When Winnicott discusses teaching he reaches a conclusion that sounds like John Holt talking to homeschoolers:

Danger of Teaching

“My problem is to find a way of giving instruction without instructing. There is a limit to the value of being taught. Indeed it is important for parents who start looking into books for advice that they know that they do now have to know everything. Most of what goes on in the developing individual baby or child happens whether you understand it or not, simply because the child has an inherited tendency towards development. No one has to make a child hungry, angry, happy, sad, affectionate, good or naughty. These things just happen. You have already finished that part of your responsibility and have laid down the details of your child’s inherited tendencies when you chose your partner, and when the one spermatozoon penetrated the one egg. At that fateful moment the book on heredity was closed, and things started to work themselves out in terms of the body and mind and personality and character of your child. This is a matter of physiology and anatomy. The way these things work themselves out is extremely complicated, and if you wish to do so you can spend your life on an interesting research project connected with human development; such work will not, however, help you with your own child, who needs you indeed.”

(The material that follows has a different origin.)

(* Let $T$ be a complete first-order theory with monster model $\mathcal{U}$. The relation $\geq_{\mathbb{E}}$ on the collection of global Keisler measures (in finitely many variables) is a preorder; that is, for all global Keisler measures $\mu,\nu,\eta$: $\mu\geq_{\mathbb{E}}\mu$, and if $\mu\geq_{\mathbb{E}}\nu$ and $\nu\geq_{\mathbb{E}}\eta$ then $\mu\geq_{\mathbb{E}}\eta$.
   Context: ''Small'' means of cardinality less than the saturation of $\mathcal{U}$. For $B\subseteq\mathcal{U}$ and a finite tuple of variables $x$, $\mathcal{L}_x(B)$ is the Boolean algebra of formulas in free variables $x$ with parameters from $B$ modulo $T$-equivalence; $\mathcal{L}_x(B)$ is identified with a subalgebra of $\mathcal{L}_{xy}(B)$ via $\varphi(x)\mapsto\varphi(x)\wedge y=y$. A Keisler measure over $B$ in $x$ is a finitely additive probability measure on $\mathcal{L}_x(B)$; $\mathfrak{M}_x(B)$ denotes the set of these; global means over $\mathcal{U}$. For $\omega\in\mathfrak{M}_{xy}(B)$, $\pi_x(\omega)(\varphi(x))=\omega(\varphi(x)\wedge y=y)$ (similarly $\pi_y$), and $\omega|_C$ is restriction to $\mathcal{L}_{xy}(C)$. For $\mu\in\mathfrak{M}_x(\mathcal{U})$, $\nu\in\mathfrak{M}_y(\mathcal{U})$ ($x,y$ disjoint) and small $A$: $\mu\geq_{\mathbb{E},A}\nu$ means there is $\lambda\in\mathfrak{M}_{xy}(A)$ with $\pi_x(\lambda)=\mu|_A$ such that every $\omega\in\mathfrak{M}_{xy}(\mathcal{U})$ with $\omega|_A=\lambda$ and $\pi_x(\omega)=\mu$ satisfies $\pi_y(\omega)=\nu$. $\mu\geq_{\mathbb{E}}\nu$ means $\mu\geq_{\mathbb{E},A}\nu$ for some small $A$. As a relation on global measures, $\mu\geq_{\mathbb{E}}\nu$ is evaluated after writing $\mu$ and $\nu$ in distinct (disjoint) tuples of variables (so in particular $\mu\geq_{\mathbb{E}}\mu$ means $\mu(x)\geq_{\mathbb{E}}\mu(y)$ for a copy $y$ of $x$). *)

From Stdlib Require Import Reals List.
From Stdlib Require Fin.
Open Scope R_scope.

I like Winnicott’s division of responsibility about raising children; he claims the process of growth belongs to the child and the environmental provision belongs to the adult:

“If you stand back and watch you soon see the developmental process at work, and you get a sense of relief. You have started up something that has its own build-in dynamo. You will be looking for the brakes . . .

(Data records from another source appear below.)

Lemma expectation_prod_affine_indic (c : R) (s : seq I) :
  0 <= c <= 1 -> uniq s ->
  (\int[P]_w (\prod_(i <- s) (1 - c * \1_(E i) w))%:E
    = (\prod_(i <- s) (1 - c * fine (P (E i))))%:E)%E.
Proof.
move=> c01 us; have := @integral_prod_affine_indic c s fset0 c01 us.
have EF0 : EF fset0 = setT by apply/seteqP; split => // w _ i; rewrite /= inE.
rewrite EF0 probability_setT mule1; under eq_integral do rewrite indicT mulr1.
by apply; apply/allP => i _; rewrite inE.
Qed.

End independent_events.

Lemma le_integral_off_set (R : realType) d (T : measurableType d)
    (mu : {measure set T -> \bar R}) (A : set T) (f g : T -> R) :
  measurable A -> measurable_fun setT f -> measurable_fun setT g ->
  (forall w, 0 <= f w <= 1) -> (forall w, 0 <= g w) ->
  (forall w, ~ A w -> f w = g w) ->
  (\int[mu]_w (f w)%:E <= \int[mu]_w (g w)%:E + mu A)%E.
Proof.
move=> mA mf mg f01 g0 fg.
have mA1 : measurable_fun setT (fun w => (\1_A w : R)%:E).
  exact/measurable_EFinP/measurable_indic.
apply: (@le_trans _ _ (\int[mu]_w ((g w)%:E + (\1_A w : R)%:E))%E).
  apply: ge0_le_integral => //.
  - by move=> w _; rewrite lee_fin; case/andP: (f01 w).
  - exact/measurable_EFinP.
  - by apply: emeasurable_funD => //; exact/measurable_EFinP.
  move=> w _; rewrite -EFinD lee_fin indicE.
  case: (pselect (A w)) => Aw; last by rewrite memNset // addr0 fg.
  by rewrite mem_set //=; have /andP[_ f1] := f01 w; have := g0 w; lra.
rewrite ge0_integralD //; first by rewrite integral_indic // setIT.
- by move=> w _; rewrite lee_fin.
- exact/measurable_EFinP.
Qed.

Section stationary_population.
Context (R : realType) d (T : measurableType d) (P : probability T R).
Context (r : R) (a : int -> T -> nat).
Hypothesis ma : rv_family a.
Hypothesis ind : mutually_independent P a.
Hypothesis geo : geometric_tails P r a.
Hypothesis r01 : 0 <= r < 1.

Definition alive (m : int) : set T := [set w | 0 < m + (a m w)%:Z].

Lemma measurable_alive m : measurable (alive m).
Proof.
by rewrite -[alive m]setTI; exact: (ma m measurableT (Y := [set i : nat | 0 < m + i%:Z])).
Qed.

“Your special place as the environment and the provider of the environment . . . The environment you provide is primarily yourself, your person, your nature, your distinguishing features that help you to know you are yourself. This includes of course all the you collect around yourself, your aroma, the atmosphere that goes with you, and it includes the man who will turn out to be the baby’s father, and it may include other children if you have them, as well as grandparents and aunts and uncles. In other words, I am doing no more than describe the family as the baby gradually discovers it, including the features of the home that make your home not quite like any other home.”

Winnicott sees the early environmental conditions of infancy as the groundwork for a child’s personal security and health. Healthy, secure children, he writes:

“. . . develop enough belief in themselves and in other people to hate external controls of all kinds; controls have changed over into self-control. In self-control the conflict has been worked through within the person in advance. So I see it this way: good conditions in the early stages lead to a sense of security, and a sense of security leads on to self-control, and when self-control is a fact, then security that is imposed is an insult.”

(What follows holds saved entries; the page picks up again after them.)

(* Let $X$ be a sieve-complete space and let $F\colon(\mathcal{K}(X),\tau^+_V)\to\mathcal{K}(Y)$ be upper semi-continuous and set tri-quotient. Then $Y$ is sieve-complete.
   Context: All spaces are completely regular. $\mathcal{K}(X)$ is the set of compact subsets of $X$; $\tau^+_V$ is the upper Vietoris topology on $\mathcal{K}(X)$, generated by the sets $\{H\in\mathcal{K}(X):H\subset U\}$, $U$ open in $X$. $F$ upper semi-continuous means: for every $K$ and every open $V\supset F(K)$ there is a $\tau^+_V$-neighborhood $\mathcal{O}$ of $K$ with $F(H)\subset V$ for all $H\in\mathcal{O}$. $F$ is set tri-quotient if there is $s\colon\mathcal{T}(X)\to\mathcal{T}(Y)$ (maps from open sets of $X$ to open sets of $Y$) with: (str1) $s(U)\subset\bigcup\{F(K):K\in\mathcal{K}(X),K\subset U\}$; (str2) $s(X)=Y$; (str3) $U\subset V\Rightarrow s(U)\subset s(V)$; (str4) if $y\in s(U)$ and $\mathcal{W}$ is a cover of $\bigcup\{K\in F^{-1}(y):K\subset U\}$ by open subsets of $X$, then $y\in s(\bigcup\mathcal{E})$ for some finite $\mathcal{E}\subset\mathcal{W}$, where $F^{-1}(y)=\{K:y\in F(K)\}$. A sieve on $X$ is a sequence of open covers $\{U_\alpha:\alpha\in A_n\}_{n\in\mathbb{N}}$ with maps $\pi_n\colon A_{n+1}\to A_n$ such that $U_\alpha=\bigcup\{U_\beta:\beta\in\pi_n^{-1}(\alpha)\}$; it is complete if for every sequence $(\alpha_n)$ with $\alpha_n\in A_n$, $\pi_n(\alpha_{n+1})=\alpha_n$, every filter base meshing with $\{U_{\alpha_n}\}$ has a cluster point; a space with a complete sieve is sieve-complete. *)

From Stdlib Require Rdefinitions.
From HB Require Import structures.
From mathcomp Require Import all_boot all_order all_algebra.
From mathcomp Require Import all_classical all_reals all_analysis.
From mathcomp Require Import Rstruct Rstruct_topology.
Set Implicit Arguments. Unset Strict Implicit. Unset Printing Implicit Defensive.
Import Order.TTheory GRing.Theory Num.Theory.
Local Open Scope classical_set_scope.

Definition completely_regular (X : topologicalType) : Prop :=
  hausdorff_space X /\
  forall (A : set X) (x : X), closed A -> ~ A x ->
    exists f : X -> Rdefinitions.R,
      continuous f /\ f x = 0%R /\ (forall a, A a -> f a = 1%R).

Record cpt (X : topologicalType) := Cpt {
  cset :> set X;
  cset_compact : compact cset }.

(* Upper semi-continuity of F : (K(X), tau^+_V) -> K(Y).  The sets
   {H in K(X) | H subset U}, U open, form a base of tau^+_V, so a
   tau^+_V-neighbourhood of K contains such a set with K subset U. *)
Definition usc (X Y : topologicalType) (F : cpt X -> cpt Y) : Prop :=
  forall (K : cpt X) (V : set Y), open V -> (F K : set Y) `<=` V ->
    exists U : set X, [/\ open U, (K : set X) `<=` U &
      forall H : cpt X, (H : set X) `<=` U -> (F H : set Y) `<=` V].

Definition Fimg (X Y : topologicalType) (F : cpt X -> cpt Y) (U : set X)
  : set Y :=
  [set y | exists K : cpt X, (K : set X) `<=` U /\ (F K : set Y) y].

Definition Fpre (X Y : topologicalType) (F : cpt X -> cpt Y) (y : Y)
  (U : set X) : set X :=
  [set x | exists K : cpt X, [/\ (F K : set Y) y, (K : set X) `<=` U & (K : set X) x]].

(* F is set tri-quotient: s maps open sets of X to open sets of Y
   (only its values on open sets matter). *)
Definition set_tri_quotient (X Y : topologicalType) (F : cpt X -> cpt Y)
  : Prop :=
  exists s : set X -> set Y,
    [/\ (forall U, open U -> open (s U)),
        (* str1 *) (forall U, open U -> s U `<=` Fimg F U),
        s setT = setT,
        (forall U V, open U -> open V -> U `<=` V -> s U `<=` s V) &
        (* str4 *) (forall (U : set X) (y : Y) (W : set (set X)),
            open U -> s U y ->
            (forall w, W w -> open w) ->
            Fpre F y U `<=` \bigcup_(w in W) w ->
            exists E : set (set X),
              [/\ finite_set E, E `<=` W & s (\bigcup_(e in E) e) y])].

Definition is_sieve (X : topologicalType) (A : nat -> Type)
  (U : forall n, A n -> set X) (pi : forall n, A n.+1 -> A n) : Prop :=
  [/\ (forall n a, open (U n a)),
      (forall n, \bigcup_(a in [set: A n]) U n a = setT) &
      (forall n a, U n a = \bigcup_(b in [set b | pi n b = a]) U n.+1 b)].

Definition filter_base (X : Type) (B : set (set X)) : Prop :=
  [/\ B !=set0, (forall b, B b -> b !=set0) &
      (forall b1 b2, B b1 -> B b2 -> exists2 b3, B b3 & b3 `<=` b1 `&` b2)].

Definition meshes (X : Type) (B : set (set X)) (C : set (set X)) : Prop :=
  forall b c, B b -> C c -> b `&` c !=set0.

Definition cluster_point (X : topologicalType) (B : set (set X)) (x : X)
  : Prop := forall b, B b -> closure b x.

“Security that is imposed is an insult.” What a great insight from the last century, yet one that few adults today follow. Today's child-rearing practicies make adults feel that they are doing something wrong if they are not actively managing children's lives for their own good.

Winnicott notes that all children need to experience and master the “internal stresses and strains inherent in emotional growth” largely on their own, but it is the adults’ responsibility to insure the children’s environmental provision. Interestingly, in his list of failures below, Winnicott doesn’t cite education as an element lacking in young children’s environmental provisions:

“These failures can be described in terms of unreliability, destruction of trust, the letting in of unpredictability, and a once and for all or a repeat pattern of the breakup of continuing of the individual child’s line of life.”

Being reliable, trustworthy, and providing security for children is well within the means of the good-enough parent; why must we make parenting more complicated than that?